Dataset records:
[Start of Attachment]
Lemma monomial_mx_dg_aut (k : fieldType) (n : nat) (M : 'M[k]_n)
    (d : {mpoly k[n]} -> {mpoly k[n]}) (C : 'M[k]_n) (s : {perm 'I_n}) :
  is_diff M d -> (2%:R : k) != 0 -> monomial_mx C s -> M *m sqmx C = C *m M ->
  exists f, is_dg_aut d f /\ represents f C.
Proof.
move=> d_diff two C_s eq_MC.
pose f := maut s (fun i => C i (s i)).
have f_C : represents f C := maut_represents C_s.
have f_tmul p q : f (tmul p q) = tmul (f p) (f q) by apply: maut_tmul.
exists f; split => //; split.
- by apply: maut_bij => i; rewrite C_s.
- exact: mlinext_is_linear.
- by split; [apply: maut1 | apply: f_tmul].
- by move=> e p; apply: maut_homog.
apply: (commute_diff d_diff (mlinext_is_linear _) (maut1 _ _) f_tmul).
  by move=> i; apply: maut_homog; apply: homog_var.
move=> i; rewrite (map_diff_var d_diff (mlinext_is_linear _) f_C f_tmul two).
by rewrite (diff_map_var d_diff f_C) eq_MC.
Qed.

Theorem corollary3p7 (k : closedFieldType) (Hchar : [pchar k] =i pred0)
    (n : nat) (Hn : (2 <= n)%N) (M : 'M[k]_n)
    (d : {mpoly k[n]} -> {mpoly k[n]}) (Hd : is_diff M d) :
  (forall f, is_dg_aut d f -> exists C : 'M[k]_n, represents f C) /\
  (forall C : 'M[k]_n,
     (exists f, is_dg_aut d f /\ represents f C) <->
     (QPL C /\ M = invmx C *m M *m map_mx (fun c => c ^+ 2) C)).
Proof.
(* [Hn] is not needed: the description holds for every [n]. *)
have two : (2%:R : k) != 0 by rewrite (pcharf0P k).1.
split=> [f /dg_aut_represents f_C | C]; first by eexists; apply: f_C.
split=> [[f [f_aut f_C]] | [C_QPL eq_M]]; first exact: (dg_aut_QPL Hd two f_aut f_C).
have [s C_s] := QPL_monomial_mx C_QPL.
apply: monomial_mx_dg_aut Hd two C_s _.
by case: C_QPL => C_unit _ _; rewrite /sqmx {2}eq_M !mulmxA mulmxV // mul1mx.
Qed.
[End of Attachment]
▶ [Task requirements]:
Above are the records; from them, give again exactly the lines from the one containing "have two : (2%:R" through the one containing "apply: monomial_mx_dg_aut Hd two C_s _.", both included.

▶ [Answer for this exercise]:
have two : (2%:R : k) != 0 by rewrite (pcharf0P k).1.
split=> [f /dg_aut_represents f_C | C]; first by eexists; apply: f_C.
split=> [[f [f_aut f_C]] | [C_QPL eq_M]]; first exact: (dg_aut_QPL Hd two f_aut f_C).
have [s C_s] := QPL_monomial_mx C_QPL.
apply: monomial_mx_dg_aut Hd two C_s _.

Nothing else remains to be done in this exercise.